Unlike many other machine learning techniques, KNN does not have an explicit model M; instead, M can be regarded as the combination of T and K.

Inside KNN_predict, the set \(T_x^K\) represents the K-nearest neighbors of x in the dataset T, where distance is measured by Euclidean (or Manhattan) distance in the input vector space. \(Freq(T_x^K)\) is the most frequent label in \(T_x^K\).

Inside KNN_learn, a technique called p-fold cross validation is used to select the optimal value for K, e.g., from a set of candidate k values in the range \([1, |T|\times (p-1)/p]\) by minimizing classification error, as shown in Line 12. This is accomplished by first partitioning T into p groups of roughly equal size (Line 9), and then computing \(err_i^k\) (a set of misclassified samples from \(G_i\)) by treating \(G_i\) as the evaluation set, and \(T\setminus G_i\) as the training set. Here, an input \((x,y)\in G_i\) is “misclassified” if the expected output label, y, differs from the output of KNN_predict using the candidate k value.

3.2 Certifying the KNN Algorithm

Algorithm 1 shows the top-level procedure of our fairness certification method, which first executes the KNN algorithm in the concrete domain (Lines 1–2), to obtain the default K and y, and then starts our analysis in the abstract domain.

figure a

In the abstract learning step (Line 3), instead of considering T, our method considers the set of all clean datasets in \(\textsf{dBias}{}_n(T)\) symbolically, to compute the set of possible optimal K values, denoted KSet.

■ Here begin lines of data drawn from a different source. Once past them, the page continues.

(* Let $M$ be a complete pointed metric space, $k\in\mathbb N$, and let $(\gamma_n)_n=\big(\sum_{i=1}^k a_i(n)\delta(x_i(n))\big)_n\subset\mathcal{FS}_k(M)$ (with $a_i(n)\in\mathbb K$, $x_i(n)\in M$) be a sequence converging weakly to an element $\gamma\in\mathcal{FS}_k(M)$. Then for every $p\in\mathrm{supp}(\gamma)$ there exists $1\le m\le k$ such that $\liminf_{n\to\infty} d(x_m(n),p)=0$.
   Context: Scalars are $\mathbb K=\mathbb R$ or $\mathbb C$. For a pointed metric space $(M,d,0_M)$, $\mathrm{Lip}_0(M)$ denotes the Banach space of Lipschitz functions $g\colon M\to\mathbb K$ with $g(0_M)=0$ normed by the best Lipschitz constant; $\delta(x)\in\mathrm{Lip}_0(M)^*$ is evaluation at $x$ (note $\delta(0_M)=0$); the Lipschitz-free space $\mathcal F(M)$ is the norm-closed linear span of $\{\delta(x):x\in M\}$ in $\mathrm{Lip}_0(M)^*$, with dual $\mathrm{Lip}_0(M)$. For a closed $K\subset M$ with $0_M\in K$, $\mathcal F(K)$ is identified with the closed span of $\{\delta(x):x\in K\}$ in $\mathcal F(M)$. The support $\mathrm{supp}(\gamma)$ of $\gamma\in\mathcal F(M)$ is the smallest closed $K\subset M$ with $\gamma\in\mathcal F(K)$. $\mathcal{FS}_k(M)$ is the set of $\gamma\in\mathcal F(M)$ whose support is finite with at most $k$ points; equivalently $\gamma=\sum_{i=1}^k a_i\delta(x_i)$. *)

From HB Require Import structures.
From mathcomp Require Import all_boot all_order all_algebra.
From mathcomp Require Import all_classical all_reals all_analysis.
From mathcomp Require Import complex.
Set Implicit Arguments. Unset Strict Implicit. Unset Printing Implicit Defensive.
Import Order.TTheory GRing.Theory Num.Theory.
Import numFieldNormedType.Exports.
Local Open Scope classical_set_scope.
Local Open Scope ring_scope.

Definition Scal (R : realType) (b : bool) : numFieldType :=
  if b then (R[i] : numFieldType) else (R : numFieldType).

Definition ofR (R : realType) (b : bool) : R -> Scal R b :=
  match b as b0 return R -> Scal R b0 with
  | true => fun r => (r%:C)%C
  | false => fun r => r
  end.

Section Defs.
Variables (R : realType) (b : bool).
Local Notation K := (Scal R b).
Local Notation ι := (@ofR R b).
Variables (T : Type) (d : T -> T -> R).

Definition is_metric : Prop :=
  [/\ forall x y, d x y = 0 <-> x = y,
      forall x y, d x y = d y x &
      forall x y z, d x z <= d x y + d y z].

Definition metric_cvg (u : nat -> T) (l : T) : Prop :=
  forall e : R, 0 < e -> exists N : nat, forall n, (N <= n)%N -> d (u n) l < e.

Definition metric_cauchy (u : nat -> T) : Prop :=
  forall e : R, 0 < e -> exists N : nat,
    forall m n, (N <= m)%N -> (N <= n)%N -> d (u m) (u n) < e.

Definition metric_complete : Prop :=
  forall u, metric_cauchy u -> exists l, metric_cvg u l.

Definition metric_closed (A : set T) : Prop :=
  forall (u : nat -> T) (l : T), (forall n, A (u n)) -> metric_cvg u l -> A l.

Definition lipschitz_with (L : R) (f : T -> K) : Prop :=
  forall x y, `|f x - f y| <= ι (L * d x y).

Variable x0 : T.

Definition Lip0 (f : T -> K) : Prop :=
  f x0 = 0 /\ exists L : R, lipschitz_with L f.

Definition Lip0_ball (f : T -> K) : Prop := f x0 = 0 /\ lipschitz_with 1 f.

(* the action of the finitely supported element sum_i c_i delta(z_i) on f *)
Definition pairing (n : nat) (c : 'I_n -> K) (z : 'I_n -> T) (f : T -> K) : K :=
  \sum_(i < n) c i * f (z i).

(* sum_i c_i delta(z_i) belongs to F(A), the closed linear span of
   {delta(x) : x in A} in Lip_0(M)^* (dual norm) *)
Definition in_FA (A : set T) (n : nat) (c : 'I_n -> K) (z : 'I_n -> T) : Prop :=
  forall e : R, 0 < e -> exists (m : nat) (c' : 'I_m -> K) (z' : 'I_m -> T),
    (forall j, A (z' j)) /\
    forall f, Lip0_ball f -> `|pairing c z f - pairing c' z' f| <= ι e.

(* p belongs to supp(sum_i c_i delta(z_i)) = the smallest closed A with
   the element in F(A), i.e. the intersection of all such A *)
Definition in_supp (n : nat) (c : 'I_n -> K) (z : 'I_n -> T) (p : T) : Prop :=
  forall A : set T, metric_closed A -> in_FA A c z -> A p.

(* weak convergence in F(M) (whose dual is Lip_0(M)) of
   gamma_j = sum_i a j i delta(x j i) to gamma = sum_i c_i delta(z_i) *)
Definition weak_cvg (k : nat) (a : nat -> 'I_k -> K) (x : nat -> 'I_k -> T)
  (n : nat) (c : 'I_n -> K) (z : 'I_n -> T) : Prop :=
  forall f, Lip0 f -> (fun j => pairing (a j) (x j) f) @ \oo --> pairing c z f.

End Defs.

From HB Require Import structures.
From mathcomp Require Import all_boot all_order all_algebra.
From mathcomp Require Import all_classical all_reals all_analysis.
From mathcomp Require Import complex lra.
Set Implicit Arguments. Unset Strict Implicit. Unset Printing Implicit Defensive.
Import Order.TTheory GRing.Theory Num.Theory.
Import numFieldNormedType.Exports.
Local Open Scope classical_set_scope.
Local Open Scope ring_scope.

(* If the claim fails, every atom x_m(n) of gamma_n eventually stays at
   distance >= r > 0 from p.  Pick 0 < s <= r below the positive distances
   from p of the atoms z_i of gamma and of the base point.  The bump
   y |-> max(0, s - d(y, p)) is Lipschitz, vanishes at the base point and on
   all atoms of gamma_n for large n, so weak convergence forces gamma to vanish
   on it, i.e. the mass of gamma at p is zero (or p is the base point, where
   every f in Lip_0 vanishes anyway).  Moving that mass to any point of the
   closed set A = {y | d(y, p) >= s} leaves gamma unchanged as a functional,
   so gamma lies in F(A); then p lies in supp(gamma), a subset of A, which is
   absurd. *)

Section ScalarEmbedding.
Variables (R : realType) (b : bool).
Local Notation ι := (@ofR R b).

Lemma ofR0 : ι 0 = 0.
Proof. by case: b. Qed.

Lemma ofRB x y : ι (x - y) = ι x - ι y.
Proof. by case: b => //=; rewrite rmorphB. Qed.

Lemma ofR_le x y : (ι x <= ι y) = (x <= y).
Proof. by case: b => //=; exact: lecR. Qed.

Lemma ofR_eq0 x : (ι x == 0) = (x == 0).
Proof. by case: b => //=; rewrite -(inj_eq (@complexI _)) rmorph0. Qed.

Lemma ofR_norm x : `|ι x| = ι `|x|.
Proof. by case: b => //=; rewrite normc_def /= expr0n /= addr0 sqrtr_sqr. Qed.

End ScalarEmbedding.

Lemma limn_einf_neq0_lbound (R : realType) (u : nat -> R) :
  (forall n, 0 <= u n) -> limn_einf (fun n => (u n)%:E) != 0%E ->
  exists2 r : R, 0 < r & \forall n \near \oo, r <= u n.
Proof.
move=> u_ge0 liminf_neq0; set v := fun n => (u n)%:E.
have einfs_ge0 n : (0 <= einfs v n)%E.
  by apply: le_ereal_inf_tmp => _ [m _ <-]; rewrite lee_fin.
have : (0 < limn_einf v)%E.
  rewrite lt0e liminf_neq0 /= limn_einf_lim.
  by apply: lime_ge; [exact: is_cvg_einfs | exact: nearW].
rewrite limn_einf_lim (cvg_lim _ (@cvg_einfs_sup _ v)) //.
move=> /ereal_sup_gt[_ [n _ <-]].
have einfs_le m : (n <= m)%N -> (einfs v n <= (u m)%:E)%E.
  by move=> nm; apply: ereal_inf_lbound; exists m.
move: einfs_le; case: (einfs v n) => [r | | ] // einfs_le.
- by rewrite lte_fin => r_gt0; exists r => //; exists n.
- by move=> _; have := einfs_le n (leqnn n).
Qed.

Lemma near_forall_pos_lbound (R : realType) (I : finType) (T : Type)
    (F : set_system T) (u : I -> T -> R) : Filter F ->
  (forall i, exists2 r : R, 0 < r & \forall t \near F, r <= u i t) ->
  exists2 r : R, 0 < r & \forall t \near F, forall i, r <= u i t.
Proof.
move=> FF u_lbound.
have /choice[rr rr_lbound] :
    forall i, exists r : R, 0 < r /\ \forall t \near F, r <= u i t.
  by move=> i; have [r r_gt0 ev] := u_lbound i; exists r.
exists (\big[Order.min/1]_i rr i).
  by apply: lt_bigmin => // i _; case: (rr_lbound i).
apply: filter_forall => i; apply: filterS (rr_lbound i).2 => t.
by move=> ri; apply: le_trans ri; exact: bigmin_le.
Qed.

Lemma norm_max0B (R : realType) (u v : R) :
  `|Order.max 0 u - Order.max 0 v| <= `|u - v|.
Proof.
case: (lerP 0 u) => hu; case: (lerP 0 v) => hv.
- by [].
- by rewrite subr0 (ger0_norm hu) (ger0_norm (_ : 0 <= u - v)); lra.
- by rewrite sub0r normrN (ger0_norm hv) (ler0_norm (_ : u - v <= 0)); lra.
- by rewrite subrr normr0.
Qed.

Section MetricFacts.
Variables (R : realType) (T : Type) (d : T -> T -> R).
Hypothesis dm : is_metric d.

Lemma metric_d0 x : d x x = 0.
Proof. by case: dm => d0 _ _; apply/d0. Qed.

Lemma metric_ge0 x y : 0 <= d x y.
Proof.
by case: dm => _ dC dtri; have := dtri x y x; rewrite metric_d0 (dC y x); lra.
Qed.

Lemma metric_gt0 x y : x <> y -> 0 < d x y.
Proof.
move=> xy; rewrite lt_def metric_ge0 andbT; apply/eqP => dxy0; apply: xy.
by case: dm => d0 _ _; apply/d0.
Qed.

Lemma metric_closed_dist_ge (p : T) (s : R) :
  metric_closed d [set y | s <= d y p].
Proof.
move=> u l Au ul; apply/ler_addgt0Pr => e e_gt0.
have [N uNl] := ul e e_gt0; have := uNl N (leqnn N); have := Au N.
by case: dm => _ _ dtri; have := dtri (u N) l p; rewrite /=; lra.
Qed.

Lemma separation_radius (I : finType) (y : I -> T) (p : T) (r : R) : 0 < r ->
  exists2 s : R, 0 < s & s <= r /\ forall i, y i <> p -> s <= d (y i) p.
Proof.
move=> r_gt0; exists (\big[Order.min/r]_(i | `[< y i <> p >]) d (y i) p).
  by apply: lt_bigmin => // i /asboolP; exact: metric_gt0.
split; first exact: bigmin_le_id.
by move=> i yip; apply: bigmin_le_cond; apply/asboolP.
Qed.

End MetricFacts.

Section Bump.
Variables (R : realType) (b : bool) (T : Type) (d : T -> T -> R).
Hypothesis dm : is_metric d.
Variables (p : T) (s : R).

Definition bump (y : T) : Scal R b := ofR b (Order.max 0 (s - d y p)).

Lemma bump_far y : s <= d y p -> bump y = 0.
Proof. by move=> sy; rewrite /bump max_l ?ofR0 // subr_le0. Qed.

Lemma bump_center : 0 <= s -> bump p = ofR b s.
Proof. by move=> s_ge0; rewrite /bump (metric_d0 dm) subr0 max_r. Qed.

Lemma bump_lipschitz : lipschitz_with d 1 bump.
Proof.
move=> u v; rewrite /bump -ofRB ofR_norm ofR_le mul1r.
apply: le_trans (norm_max0B _ _) _; rewrite ler_norml.
case: dm => _ dC dtri; have := dtri v u p; have := dtri u v p.
by rewrite (dC v u); lra.
Qed.

End Bump.

Section MassAtPoint.
Variables (R : realType) (b : bool) (T : Type) (d : T -> T -> R).
Local Notation K := (Scal R b).
Variables (n : nat) (c : 'I_n -> K) (z : 'I_n -> T) (p : T).

Definition mass_at : K := \sum_(i | `[< z i = p >]) c i.

(* Remove the atoms sitting at p and park their (zero) coefficients at w. *)
Definition off_coef (i : 'I_n) : K := if `[< z i = p >] then 0 else c i.
Definition off_atom (w : T) (i : 'I_n) : T := if `[< z i = p >] then w else z i.

Lemma pairing_split_mass (w : T) (f : T -> K) :
  pairing c z f = pairing off_coef (off_atom w) f + mass_at * f p.
Proof.
rewrite /pairing /mass_at mulr_suml [X in _ + X]big_mkcond -big_split.
apply: eq_bigr => i _ /=; rewrite /off_coef /off_atom.
by case: asboolP => [-> | _]; rewrite ?mul0r ?add0r ?addr0.
Qed.

Lemma pairing_bump (s : R) : is_metric d -> 0 <= s ->
  (forall i, z i <> p -> s <= d (z i) p) ->
  pairing c z (bump b d p s) = mass_at * ofR b s.
Proof.
move=> dm s_ge0 z_far; rewrite /pairing /mass_at mulr_suml [RHS]big_mkcond.
apply: eq_bigr => i _ /=; case: asboolP => [-> | zip].
  by rewrite bump_center.
by rewrite bump_far ?mulr0 ?mul0r // z_far.
Qed.

Lemma in_FA_mass_invisible (x0 : T) (A : set T) :
  (forall i, z i <> p -> A (z i)) ->
  (forall f, Lip0_ball d x0 f -> mass_at * f p = 0) -> in_FA d x0 A c z.
Proof.
move=> zA mass0 e e_gt0.
have norm0_le : `|0 : K| <= ofR b e by rewrite normr0 -(ofR0 R b) ofR_le ltW.
have [[w Aw] | A0] := pselect (exists w, A w).
  exists n, off_coef, (off_atom w); split.
    by move=> i; rewrite /off_atom; case: asboolP => // zip; exact: zA.
  by move=> f f1; rewrite (pairing_split_mass w) mass0 // addr0 subrr.
have zp i : z i = p by apply: contra_notP A0 => zip; exists (z i); exact: zA.
exists 0%N, (fun _ => 0), (fun _ => p); split; first by case.
move=> f f1; rewrite (pairing_split_mass p) mass0 // addr0 /pairing big_ord0.
by rewrite big1 ?subr0 // => i _; rewrite /off_coef asboolT ?mul0r.
Qed.

End MassAtPoint.

Lemma weak_cvg_pairing_eq0 (R : realType) (b : bool) (T : Type)
    (d : T -> T -> R) (x0 : T) (k : nat) (a : nat -> 'I_k -> Scal R b)
    (x : nat -> 'I_k -> T) (n : nat) (c : 'I_n -> Scal R b) (z : 'I_n -> T)
    (f : T -> Scal R b) :
  weak_cvg d x0 a x c z -> Lip0 d x0 f ->
  (\forall j \near \oo, pairing (a j) (x j) f = 0) -> pairing c z f = 0.
Proof.
move=> ax_cz Lf ev0.
have cvg0 : (fun j => pairing (a j) (x j) f) @ \oo --> (0 : Scal R b).
  apply: cvg_trans (@cvg_cst _ (0 : Scal R b) nat \oo _); apply: near_eq_cvg.
  by apply: filterS ev0 => j ->.
exact: (@cvg_unique _ (@norm_hausdorff _ _) _ _ _ _ (ax_cz f Lf) cvg0).
Qed.

Theorem lemma2p2 (R : realType) (b : bool)
  (T : Type) (d : T -> T -> R) (x0 : T)
  (hmetric : is_metric d) (hcomplete : metric_complete d)
  (k : nat) (a : nat -> 'I_k -> Scal R b) (x : nat -> 'I_k -> T)
  (c : 'I_k -> Scal R b) (z : 'I_k -> T)
  (hcvg : weak_cvg d x0 a x c z)
  (p : T) (hp : in_supp d x0 c z p) :
  exists m : 'I_k, limn_einf (fun n => (d (x n m) p)%:E) = 0%E.
Proof.
apply: contrapT => /forallNP liminf_neq0.
have [r r_gt0 x_far] : exists2 r : R, 0 < r &
    \forall n \near \oo, forall m, r <= d (x n m) p.
  apply: near_forall_pos_lbound => m; apply: limn_einf_neq0_lbound.
    by move=> n; exact: metric_ge0.
  exact/eqP/liminf_neq0.
have [s s_gt0 [s_le_r z_far]] := separation_radius hmetric
  (fun o : option 'I_k => if o is Some i then z i else x0) p r_gt0.
have p_near : ~ s <= d p p by apply/negP; rewrite (metric_d0 hmetric) -ltNge.
apply: p_near; apply: (hp [set y | s <= d y p]).
  exact: metric_closed_dist_ge.
apply: (in_FA_mass_invisible (fun i => z_far (Some i))) => f [f0 _].
have [<- | x0p] := pselect (x0 = p); first by rewrite f0 mulr0.
suff -> : mass_at c z p = 0 by rewrite mul0r.
have bump_Lip0 : Lip0 d x0 (bump b d p s).
  split; first by apply: bump_far; exact: (z_far None).
  by exists 1; exact: bump_lipschitz.
have : pairing c z (bump b d p s) = 0.
  apply: (weak_cvg_pairing_eq0 hcvg bump_Lip0).
  apply: filterS x_far => n xn_far; rewrite /pairing big1 // => m _.
  by rewrite bump_far ?mulr0 //; exact: le_trans s_le_r (xn_far m).
rewrite (pairing_bump c hmetric (ltW s_gt0) (fun i => z_far (Some i))).
by move/eqP; rewrite mulf_eq0 ofR_eq0 (gt_eqF s_gt0) orbF => /eqP.
Qed.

In the abstract prediction step (Lines 4–8), for each K, instead of considering input x, our method considers all perturbed inputs in \(\varDelta ^\epsilon (x)\) and all clean datasets in \(\textsf{dBias}{}_n(T)\) symbolically, to check if the classification output always stays the same. Our method returns “certified” only when the classification output always stays the same (Line 9); otherwise, it returns “unknown” (Line 6).

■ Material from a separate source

(* For $r\ge 2$, let $H(r)$ be the graph on vertex set $\{1,\dots,2r+4\}$ in which $V_1=\{1,\dots,r+2\}$ and $V_2=\{r+3,\dots,2r+4\}$ each induce a complete graph, and the only edges between $V_1$ and $V_2$ are $\{i,r+2+i\}$ for $i=1,\dots,r$. Then $\operatorname{Z}(H(r))=\overline{\operatorname{Z}}(H(r))=r+2$ and $\underline{z_0}(H(r))=z_0(H(r))=2r+2=\overline{\operatorname{Z}}(H(r))+r$.
   Context: Zero forcing on a graph $G$: starting with a set $S$ of blue vertices (others white), a blue vertex $v$ may change a white vertex $w$ to blue if $w$ is the only white neighbor of $v$. $S$ is a zero forcing set if repeated application colors all of $V(G)$ blue. $\operatorname{Z}(G)$ is the minimum size of a zero forcing set, $\overline{\operatorname{Z}}(G)$ the maximum size of a minimal (under inclusion) zero forcing set. $\mathscr{Z}^{\rm TAR}(G)$ has vertices the zero forcing sets of $G$, two adjacent iff their symmetric difference has size 1; $\mathscr{Z}^{\rm TAR}_k(G)$ is its subgraph induced by zero forcing sets of size at most $k$. $\underline{z_0}(G)$ is the least $k$ with $\mathscr{Z}^{\rm TAR}_k(G)$ connected; $z_0(G)$ is the least $k$ such that $\mathscr{Z}^{\rm TAR}_i(G)$ is connected for every $i=k,\dots,|V(G)|$. *)

From mathcomp Require Import all_boot all_order.
Set Implicit Arguments. Unset Strict Implicit. Unset Printing Implicit Defensive.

We only perturb numerical attributes in the input x since perturbing categorical or binary attributes often does not make sense in practice.

In the next two sections, we present our detailed algorithms for abstracting the prediction step and the learning step, respectively.

4 Abstracting the KNN Prediction Step

We start with abstract KNN prediction, which is captured by the subroutine abs_KNN_predict_same used in Line 5 of Algorithm 1. It consists of two parts. The first part (to be presented in Sect. 4.1) computes a superset of \(T_x^K\), denoted overNN, while considering the impact of \(\epsilon \) perturbation of the input x. The second part (to be presented in Sect. 4.2) leverages overNN to decide if the classification output always stays the same, while considering the impact of label-flipping bias in the dataset T.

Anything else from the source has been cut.